Pennsylvania, long sought-after by presidential candidates during general elections because of its 21 electoral votes and perennial swing-state status, is expected to be largely an afterthought during the 2008 primary season because all but a handful of states hold earlier primaries.
Pennsylvania’s '08 Democratic primary is scheduled for April 1.
That doesn’t mean, however, that candidates won’t be making regular visits to the state to solicit cash. Obama and the country’s other high-profile candidates are expected to raise in the neighborhood of $50 million to $100 million this year as they gear up for the first primary in January.
Josh Drobnyk reports for the Morning Call of Allentown, Pa., a Tribune Co. newspaper.







Comments
Well I'm sure glad that Barack "Breath of Fresh Air" Obama isn't bought and paid for... oh, wait.
Posted by: Jeff | February 16, 2007 9:51 AM
Jeff,
I'll have you know that $50 - $100 million buys a LOT of integrity!
Posted by: Muckle John | February 16, 2007 10:21 AM
Muckle John:
How much "integrity" was bought by the $200 million raised by Bush in 2004? Not much.
Posted by: BC | February 16, 2007 10:32 AM
BC
Au contraire, mon frere... It bought twice as much! You could see it in the way the President would take off his tie and roll up his sleeves at the Town Meetin's.
Posted by: Muckle John | February 16, 2007 11:03 AM
BC, I'm with ya, I've got no love for Bush, but I think the difference is the media, and to a lesser extent Obama's campaign people, have been aggressively crafting this image of him as an outsider candidate free from the taint of partisan politics. This story, and a mountain of other evidence, shows that nothing could be further from the truth. Obama's an Illinois machine politician of the highest order, completely unafraid to endorse nepotist hacks like Todd Stroger should the Daleys and Madigans tell him to, and he also has no qualms about accepting millions from special interest moneymen like Buttenwieser. Anyone who believes this load of bull deserves the government we've got right now.

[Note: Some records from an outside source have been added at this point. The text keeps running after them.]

Lemma eq_big_In (Z : zmodType) (T : Type) (s : seq T) (F G : T -> Z) :
  (forall x, List.In x s -> F x = G x) -> \sum_(x <- s) F x = \sum_(x <- s) G x.
Proof.
elim: s => [|x s IH] FG; first by rewrite !big_nil.
by rewrite !big_cons (FG x (or_introl erefl)) IH // => y y_s; apply: FG; right.
Qed.

Section Functions.
Variable A : pzRingType.

Lemma is_add0 (f : A -> A) : is_add f -> f 0 = 0.
Proof. by move=> f_add; apply: (@addrI _ (f 0)); rewrite -f_add !addr0. Qed.

Lemma is_add_sum (T : Type) (f : A -> A) (s : seq T) (F : T -> A) : is_add f ->
  f (\sum_(x <- s) F x) = \sum_(x <- s) f (F x).
Proof.
move=> f_add; elim: s => [|x s IH]; first by rewrite !big_nil is_add0.
by rewrite !big_cons f_add IH.
Qed.

Definition fsum (fs : seq (A -> A)) := foldr (@fadd A) (@fzero A) fs.

Lemma fsumE fs x : fsum fs x = \sum_(f <- fs) f x.
Proof. by elim: fs => [|f fs IH]; rewrite ?big_nil // big_cons -IH. Qed.

Definition ee_form (U : seq ((A -> A) * (A -> A))) x y := \sum_(p <- U) p.1 (x * p.2 y).

Lemma Phi_form U x : Phi U x = ee_form U x 1. Proof. by []. Qed.

End Functions.

Section EndomorphismClasses.
Variables (A B : pzRingType) (i : B -> A).

Lemma isE_fadd f g : isE i f -> isE i g -> isE i (fadd f g).
Proof.
move=> [f_add fB] [g_add gB]; split; first by move=> x y; rewrite /fadd f_add g_add addrACA.
by move=> b x; rewrite /fadd fB gB mulrDr.
Qed.

Lemma isE_fzero : isE i (@fzero A).
Proof. by split=> [x y|b x]; rewrite /fzero ?addr0 ?mulr0. Qed.

Lemma isE_comp f g : isE i f -> isE i g -> isE i (f \o g).
Proof.
move=> [f_add fB] [g_add gB]; split=> [x y|b x] /=; first by rewrite g_add f_add.
by rewrite gB fB.
Qed.

Lemma isE_id : isE i (idfun : A -> A). Proof. by []. Qed.

Lemma isE_rho a : isE i (rho a).
Proof. by split=> [x y|b x]; rewrite /rho ?mulrDl ?mulrA. Qed.

Lemma isE_rho_comp a f : isE i f -> isE i (rho a \o f).
Proof. exact/isE_comp/isE_rho. Qed.

Lemma isE_comp_rho a f : isE i f -> isE i (f \o rho a).
Proof. by move=> Ef; apply: isE_comp Ef (isE_rho a). Qed.

Lemma isS_isE f : isS i f -> isE i f. Proof. by case. Qed.

Lemma isS_fadd f g : isS i f -> isS i g -> isS i (fadd f g).
Proof.
move=> [Ef fB] [Eg gB]; split; first exact: isE_fadd.
by move=> b x; rewrite /fadd fB gB mulrDl.
Qed.

Lemma isS_fzero : isS i (@fzero A).
Proof. by split; [exact: isE_fzero | move=> b x; rewrite /fzero mul0r]. Qed.

Lemma isS_rho_comp r f : inR i r -> isS i f -> isS i (rho r \o f).
Proof.
move=> r_R [Ef fB]; split; first exact: isE_rho_comp.
by move=> b x; rewrite /= /rho fB -!mulrA r_R.
Qed.

Lemma isS_lam_comp r f : inR i r -> isS i f -> isS i (lam r \o f).
Proof.
move=> r_R [[f_add fB] Bf]; split; first split.
- by move=> x y; rewrite /= /lam f_add mulrDr.
- by move=> b x; rewrite /= /lam fB !mulrA r_R.
- by move=> b x; rewrite /= /lam Bf mulrA.
Qed.

Lemma teqEE_congruence : sum_congruence (teqEE i). Proof. exact: tens_eq_congruence. Qed.
Lemma teqSE_congruence : sum_congruence (teqSE i). Proof. exact: tens_eq_congruence. Qed.
Lemma teqSS_congruence : sum_congruence (teqSS i). Proof. exact: tens_eq_congruence. Qed.
Lemma teqEEE_congruence : sum_congruence (teqEEE i). Proof. exact: tens3_eq_congruence. Qed.

Lemma teqAB_big (Z : zmodType) (phi : A -> A -> Z) :
  (forall a a' a'', phi (a + a') a'' = phi a a'' + phi a' a'') ->
  (forall a a' a'', phi a (a' + a'') = phi a a' + phi a a'') ->
  (forall a, phi 0 a = 0) -> (forall a, phi a 0 = 0) ->
  (forall a b a', phi (a * i b) a' = phi a (i b * a')) ->
  forall s t, teqAB i s t -> \sum_(p <- s) phi p.1 p.2 = \sum_(p <- t) phi p.1 p.2.
Proof.
move=> addl addr zl zr bal s t.
by apply: (tens_eq_big (phi := fun p => phi p.1 p.2)) => /=; auto.
Qed.

Lemma ee_form_teq U V : teqEE i U V -> ee_form U =2 ee_form V.
Proof.
move=> UV x y; apply: (tens_eq_big (phi := fun p => p.1 (x * p.2 y))) UV => /=.
- by [].
- by move=> m n n' [m_add _] _ _; rewrite /fadd mulrDr m_add.
- by [].
- by move=> m [m_add _]; rewrite /fzero mulr0 is_add0.
- by move=> m r n _ _ _; rewrite /rho mulrA.
Qed.

Lemma ee_form_inv U : EE_inv i U -> forall x y, ee_form U x y = Phi U x * y.
Proof.
move=> [_ U_inv] x y; have := ee_form_teq (U_inv y) x 1.
rewrite /ee_form !big_map /= /rho mulr_suml => ->.
by apply: eq_bigr => p _; rewrite mul1r.
Qed.

End EndomorphismClasses.

Section QuasiBasis.
Variables (A B : pzRingType) (i : B -> A) (qb : seq ((A -> A) * seq (A * A))).
Hypothesis qbD2 : right_D2_quasibase i qb.

Definition qbasis := flatten [seq [seq (p, q.1) | p <- q.2] | q <- qb].

Lemma big_qbasis (Z : zmodType) (F : (A * A) * (A -> A) -> Z) :
  \sum_(k <- qbasis) F k = \sum_(q <- qb) \sum_(p <- q.2) F (p, q.1).
Proof. by rewrite big_flatten big_map; apply: eq_bigr => q _; rewrite big_map. Qed.

Lemma qb_mem q : List.In q qb -> isS i q.1 /\ inT_AB i q.2.
Proof. by case: qbD2 => /all_propP qb_ok _; apply: qb_ok. Qed.

Lemma qb_isS q : List.In q qb -> isS i q.1.
Proof. by case/qb_mem. Qed.

Lemma qbasis_isE k : List.In k qbasis -> isE i k.2.
Proof.
move=> k_qbasis; have [q [q_qb /List.in_map_iff [p [<- _]]]] := In_flatten_map k_qbasis.
exact/isS_isE/qb_isS.
Qed.

Lemma D2_expand (Z : zmodType) (phi : A -> A -> Z) :
  (forall a a' a'', phi (a + a') a'' = phi a a'' + phi a' a'') ->
  (forall a a' a'', phi a (a' + a'') = phi a a' + phi a a'') ->
  (forall a, phi 0 a = 0) -> (forall a, phi a 0 = 0) ->
  (forall a b a', phi (a * i b) a' = phi a (i b * a')) ->
  forall a a', phi a a' = \sum_(k <- qbasis) phi (a * k.2 a' * k.1.1) k.1.2.
Proof.
move=> addl addr zl zr bal a a'; case: qbD2 => _ /(_ a a') aa'.
have := teqAB_big addl addr zl zr bal aa'; rewrite big_cons big_nil addr0 /= => ->.
by rewrite big_qbasis big_flatten big_map; apply: eq_bigr => q _; rewrite big_map.
Qed.

Lemma D2_expand_mul (al : A -> A) : is_add al -> (forall b x, al (i b * x) = i b * al x) ->
  forall y a a', a * al (a' * y) = \sum_(k <- qbasis) a * k.2 a' * k.1.1 * al (k.1.2 * y).
Proof.
move=> al_add alB y; apply: (D2_expand (phi := fun a a' => a * al (a' * y))).
- by move=> a a' a''; rewrite mulrDl.
- by move=> a a' a''; rewrite mulrDl al_add mulrDr.
- by move=> a; rewrite mul0r.
- by move=> a; rewrite mul0r is_add0 ?mulr0.
- by move=> a b a'; rewrite -(mulrA (i b)) alB mulrA.
Qed.

Lemma E_expand g : isE i g -> g = fsum [seq rho (k.1.1 * g k.1.2) \o k.2 | k <- qbasis].
Proof.
move=> [g_add gB]; apply: functional_extensionality => y.
rewrite fsumE big_map -[g y]mul1r -[y]mulr1 (D2_expand_mul g_add gB).
by apply: eq_bigr => k _; rewrite /rho /= mul1r !mulr1 mulrA.
Qed.

Definition qcoef (q : (A -> A) * seq (A * A)) (al : A -> A) := \sum_(p <- q.2) p.1 * al p.2.

Lemma S_expand al : isS i al -> al = fsum [seq rho (qcoef q al) \o q.1 | q <- qb].
Proof.
move=> [[al_add alB] _]; apply: functional_extensionality => x.
rewrite fsumE big_map -[al x]mul1r -[x]mulr1 (D2_expand_mul al_add alB) big_qbasis.
apply: eq_bigr => q _; rewrite /= /rho /qcoef mulr_sumr; apply: eq_bigr => p _.
by rewrite mul1r !mulr1 !mulrA.
Qed.

End QuasiBasis.

Section TensorEE.
Variables (A B : pzRingType) (i : B -> A) (qb : seq ((A -> A) * seq (A * A))).
Hypothesis qbD2 : right_D2_quasibase i qb.
Notation qbasis := (qbasis qb).
Let EEC := teqEE_congruence i.

Lemma teqEE_expandr f g : isE i f -> isE i g ->
  teqEE i [:: (f, g)] [seq (f \o rho (k.1.1 * g k.1.2), k.2) | k <- qbasis].
Proof.
move=> Ef Eg.
apply: (scong_trans EEC (t := [seq (f, rho (k.1.1 * g k.1.2) \o k.2) | k <- qbasis])).
  rewrite {1}(E_expand qbD2 Eg); apply: (scong_sym EEC).
  apply: (@scong_fold _ _ EEC _ _ (fun a h => (h, a)) (@fadd A) (@fzero A)
     (isE i) (isE i) _ _ _ _ _ (fun k => rho (k.1.1 * g k.1.2) \o k.2) f qbasis) => //.
  - by move=> *; apply/te_gen/tg_addr.
  - by move=> *; apply/te_gen/tg_zr.
  - exact: isE_fadd.
  - exact: isE_fzero.
  - by move=> k /(qbasis_isE qbD2); apply: isE_rho_comp.
apply: (scong_map EEC) => k /(qbasis_isE qbD2) Ek.
by apply: (scong_sym EEC); apply/te_gen/tg_bal.
Qed.

Lemma teqEE_normal_form U : EE_elt i U ->
  teqEE i U [seq (fun z => ee_form U (z * k.1.1) k.1.2, k.2) | k <- qbasis].
Proof.
move=> /all_propP EU.
apply: (scong_trans EEC (t := flatten [seq [seq (fg.1 \o rho (k.1.1 * fg.2 k.1.2), k.2)
                                      | k <- qbasis] | fg <- U])).
  rewrite -{1}(flatten_seq1 U); apply: (scong_flatten EEC) => -[f g] /EU [Ef Eg].
  exact: teqEE_expandr.
have collect := @scong_collect _ _ EEC _ _ (fun a k => (a, k.2)) (@fadd A) (@fzero A)
  (isE i) (fun k => isE i k.2) _ _ _ _ _ (fun fg k => fg.1 \o rho (k.1.1 * fg.2 k.1.2))
  U qbasis.
apply: (scong_trans EEC (collect _ _ _ _ _ _)).
- by move=> *; apply/te_gen/tg_addl.
- by move=> *; apply/te_gen/tg_zl.
- exact: isE_fadd.
- exact: isE_fzero.
- exact: qbasis_isE.
- by move=> fg k /EU [Ef _] _; apply: isE_comp_rho.
apply: (scong_map EEC) => k _; rewrite -/(fsum _).
suff -> : fsum [seq fg.1 \o rho (k.1.1 * fg.2 k.1.2) | fg <- U] =
          (fun z => ee_form U (z * k.1.1) k.1.2) by exact: scong_refl.
apply: functional_extensionality => z.
by rewrite fsumE big_map /ee_form; apply: eq_bigr => fg _; rewrite /rho /= mulrA.
Qed.

Lemma teqEE_form U V : EE_elt i U -> EE_elt i V -> ee_form U =2 ee_form V -> teqEE i U V.
Proof.
move=> EU EV UV; have {}UV : ee_form U = ee_form V.
  by apply: functional_extensionality => x; apply: functional_extensionality.
apply: (scong_trans EEC (teqEE_normal_form EU)); rewrite UV.
by apply: (scong_sym EEC); apply: teqEE_normal_form.
Qed.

Posted by: Jeff | February 16, 2007 11:24 AM
That Barack, he's a clever guy. Use the money of billionaire lobbyists to eliminate the influence of billionaire lobbyists in Washington. Clever, clever, clever. OBAMA IN 08!
Posted by: JB | February 16, 2007 3:20 PM
Jeff -
I like how you just make stuff up.
"he also has no qualms about accepting millions from special interest moneymen like Buttenwieser"
He hasn't collected millions from him. He can't collect millions from him.
300 people at a fundraiser, giving under $1,000 each, for a total of 250,000. That is what Obama was doing.
Posted by: JohnR | February 16, 2007 4:43 PM
John R,
100 million bucks ain't gonna come from little old ladies change jars.
But that's OK Barack is clean... oops!
Posted by: Muckle John | February 16, 2007 8:13 PM
John R., you must be a true believer to defend this lobbyist arrangement. The practice of accepting "bundled" checks that total more than the legal limits of single contributors at campaign fundraisers like Buttenwieser's Obama fest has been going on since the mid-90s'. Do you honestly think a man that raised $3 million for Democrat campaign committees between 1997 and 2002 is going to raise just 250 gs at this one event this campaign season? You're funny.
Tim Russert of "Meet the Press" has already reported the "campaign committee" loophole that allows these lobbyists to get around the "soft money" ban. Campaigns create an outside events committee that pays for events such as Obama's sell-out and these support committees pay for the entire cost of the fundraising event out of pocket or through a line of credit. The lobbyists then make a donation to the "events committee" (not the campaign) and the money goes to the same place. So, in short, yes, people like Buttenwieser will find a way to donate millions to their candidates in this election.